*** Opening of MATERIALS PROVIDED ***

Definition red_candidates (n k m : nat) (lu : nat * nat) : seq (nat * nat) :=
  if lu.2 < n then [seq (x, n) | x <- iota 0 m]
  else if lu.1 < n then
    [seq (x, n) | x <- iota 0 (minn k (n - 2)) & x != lu.1] ++ nseq (k <= n - 2) (n, n) ++
    (if lu.1 < m then [seq (x, k.-1) | x <- iota m (k.-1 - m)] else [::])
  else [seq (x, n) | x <- iota 0 k].

Lemma red_candidate_mem n k m lu l :
  red_candidate n k m lu l -> l \in red_candidates n k m lu.
Proof.
case: l => x y; rewrite /red_candidate /red_candidates /=.
case: ifP => _; first by case/andP => /eqP -> xm; apply/map_f; rewrite mem_iota.
case: ifP => _; last by case/andP => /eqP -> xk; apply/map_f; rewrite mem_iota.
rewrite !mem_cat; case/or3P => [/andP [/andP [/eqP -> xk] xlu] | /andP [/andP [/eqP -> /eqP ->] kn] |].
- by rewrite (map_f (fun x => (x, n))) // mem_filter xlu mem_iota.
- by rewrite mem_nseq kn eqxx orbT.
case/andP => /andP [lum /eqP ->] mxk; rewrite lum (map_f (fun x => (x, k.-1))) ?orbT //.
by rewrite mem_iota; lia.
Qed.

Lemma size_red_candidates n k m a b : 4 <= n -> k <= n.-1 -> m <= k.-1 -> a < b < n ->
  size (red_candidates n k m (jlabel n k m a b)) <= 2 * (n - 3).
Proof.
move=> n4 kn mk abn; have [an bn] : a < n /\ b < n by lia.
case: jlabelP => [_ | ns ak | _ ka]; rewrite /red_candidates /= ?ltnn ?an ?bn /=.
- by rewrite size_map size_iota; lia.
- rewrite size_cat size_map size_filter size_cat size_nseq.
  set s := iota 0 (minn k (n - 2)).
  have : count (pred1 a) s + count (fun x => x != a) s = size s := count_predC _ s.
  rewrite count_uniq_mem ?iota_uniq // mem_iota size_iota.
  by case: (leqP k (n - 2)); case: ifP; rewrite ?size_map ?size_iota /=; lia.
- by rewrite size_map size_iota; lia.
Qed.

Definition label_adj (n : nat) (lu l : nat * nat) : bool :=
  if (lu.2 < n) && (l.2 < n) then pair_adj lu.1 lu.2 l.1 l.2
  else if (lu.2 < n) && (l.1 < n) then (l.1 == lu.1) || (l.1 == lu.2)
  else if (lu.1 < n) && (l.2 < n) then (lu.1 == l.1) || (lu.1 == l.2)
  else (lu.1 < n) && (l.1 < n).

Lemma pair_adj_jlabel n k m a b c d : k <= n.-1 -> m <= k.-1 -> a < b < n -> c < d < n ->
  jlabel n k m a b != jlabel n k m c d ->
  ~~ red_candidate n k m (jlabel n k m a b) (jlabel n k m c d) ->
  pair_adj a b c d = label_adj n (jlabel n k m a b) (jlabel n k m c d).
Proof.
move=> kn mk ab cd.
have [an bn cn dn] : [/\ a < n, b < n, c < n & d < n] by split; lia.
case: jlabelP => [s1|s1 t1|s1 t1]; case: jlabelP => [s2|s2 t2|s2 t2];
rewrite /red_candidate /label_adj /pair_adj /= ?xpair_eqE ?ltnn ?an ?bn ?cn ?dn /=.
all: repeat (case: eqP => ? /=); rewrite ?andbF ?andbT ?orbF ?orbT //=; lia.
Qed.

Lemma card_set2I (T : finType) (x y : T) (S : {set T}) :
  x != y -> #|[set x; y] :&: S| = (x \in S) + (y \in S).
Proof.
move=> xy; have uniq_s : uniq [seq z <- [:: x; y] | z \in S].
  by rewrite filter_uniq //= inE xy.
transitivity (size [seq z <- [:: x; y] | z \in S]); last by rewrite size_filter /= addn0.
by rewrite -(card_uniqP uniq_s); apply: eq_card => z; rewrite !inE mem_filter !inE andbC.
Qed.

Section JohnsonGraph.
Variable n : nat.
Local Notation V := (johnson_vertex n).
Implicit Types u v : V.

Definition hi v : nat := \max_(i in val v) (i : nat).
Definition lo v : nat := (\sum_(i in val v) (i : nat)) - hi v.

Lemma johnson_vertexP v : exists x y : 'I_n, x < y /\ val v = [set x; y].
Proof.
have /cards2P [x [y [xy ->]]] := valP v.
case: (ltngtP x y) => [lt_xy | lt_yx | /val_inj eq_xy].
- by exists x, y.
- by exists y, x; rewrite setUC.
- by rewrite eq_xy eqxx in xy.
Qed.

Lemma lo_hi_set2 v (x y : 'I_n) : x < y -> val v = [set x; y] -> lo v = x /\ hi v = y.
Proof.
move=> xy vE; have xny : x \notin [set y] by rewrite inE -val_eqE /= neq_ltn xy.
have hiE : hi v = y by rewrite /hi vE big_setU1 // big_set1; apply/maxn_idPr/ltnW.
by rewrite /lo hiE vE big_setU1 // big_set1 addnK.
Qed.

Lemma lo_lt_hi v : lo v < hi v < n.
Proof.
have [x [y [xy vE]]] := johnson_vertexP v.
by have [-> ->] := lo_hi_set2 xy vE; rewrite xy ltn_ord.
Qed.

Lemma johnson_adjE u v : johnson_adj n u v = pair_adj (lo u) (hi u) (lo v) (hi v).
Proof.
have [x [y [xy uE]]] := johnson_vertexP u; have [x' [y' [xy' vE]]] := johnson_vertexP v.
have [-> ->] := lo_hi_set2 xy uE; have [-> ->] := lo_hi_set2 xy' vE.
rewrite /johnson_adj uE vE card_set2I -?val_eqE ?neq_ltn ?xy // !inE -!val_eqE /=.
by rewrite /pair_adj; lia.
Qed.

Lemma lo_hi_inj u v : lo u = lo v -> hi u = hi v -> u = v.
Proof.
have [x [y [xy uE]]] := johnson_vertexP u; have [x' [y' [xy' vE]]] := johnson_vertexP v.
have [-> ->] := lo_hi_set2 xy uE; have [-> ->] := lo_hi_set2 xy' vE.
by move=> /val_inj xx' /val_inj yy'; apply: val_inj; rewrite uE vE xx' yy'.
Qed.

Lemma lo_hi_surj a b : a < b < n -> exists v, lo v = a /\ hi v = b.
Proof.
case/andP => ab bn; have an : a < n by apply: ltn_trans bn.
pose x := Ordinal an; pose y := Ordinal bn.
have card_xy : #|[set x; y]| == 2 by rewrite cards2 -val_eqE /= neq_ltn ab.
by exists (exist _ [set x; y] card_xy); apply: (@lo_hi_set2 _ x y).
Qed.

Definition jlabelling k m v : nat * nat := jlabel n k m (lo v) (hi v).

Definition johnson_stage (P : {set {set V}}) : Prop :=
  exists k m, [/\ k <= n.-1, m <= k.-1 & P = fibre_partition (jlabelling k m)].

Lemma quotient_width_jlabelling k m : 3 <= n -> k <= n.-1 -> m <= k.-1 ->
  quotient_width (johnson_adj n) (fun _ _ => false) (fibre_partition (jlabelling k m))
  <= 2 * (n - 3).
Proof.
move=> n3 kn mk; have [n_eq3 | n_neq3] := eqVneq n 3.
  apply: (quotient_width_fibre_le (adjL := fun _ _ => true) (cand := fun _ => [::])) => // u v.
  move=> fuv _; rewrite johnson_adjE pair_adj_lt3 -?n_eq3 ?lo_lt_hi //.
  by apply: contraNT fuv; rewrite negb_or !negbK /jlabelling => /andP [/eqP -> /eqP ->].
apply: (quotient_width_fibre_le (adjL := label_adj n) (cand := red_candidates n k m)).
  move=> u v fuv not_cand; rewrite johnson_adjE.
  apply: pair_adj_jlabel; rewrite ?lo_lt_hi //.
  by apply: contra not_cand; apply: red_candidate_mem.
by move=> v; apply: size_red_candidates; rewrite ?lo_lt_hi //; lia.
Qed.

*** Close of MATERIALS PROVIDED ***

Answer with nothing but the count of lines in the entries that hold the word "else".

6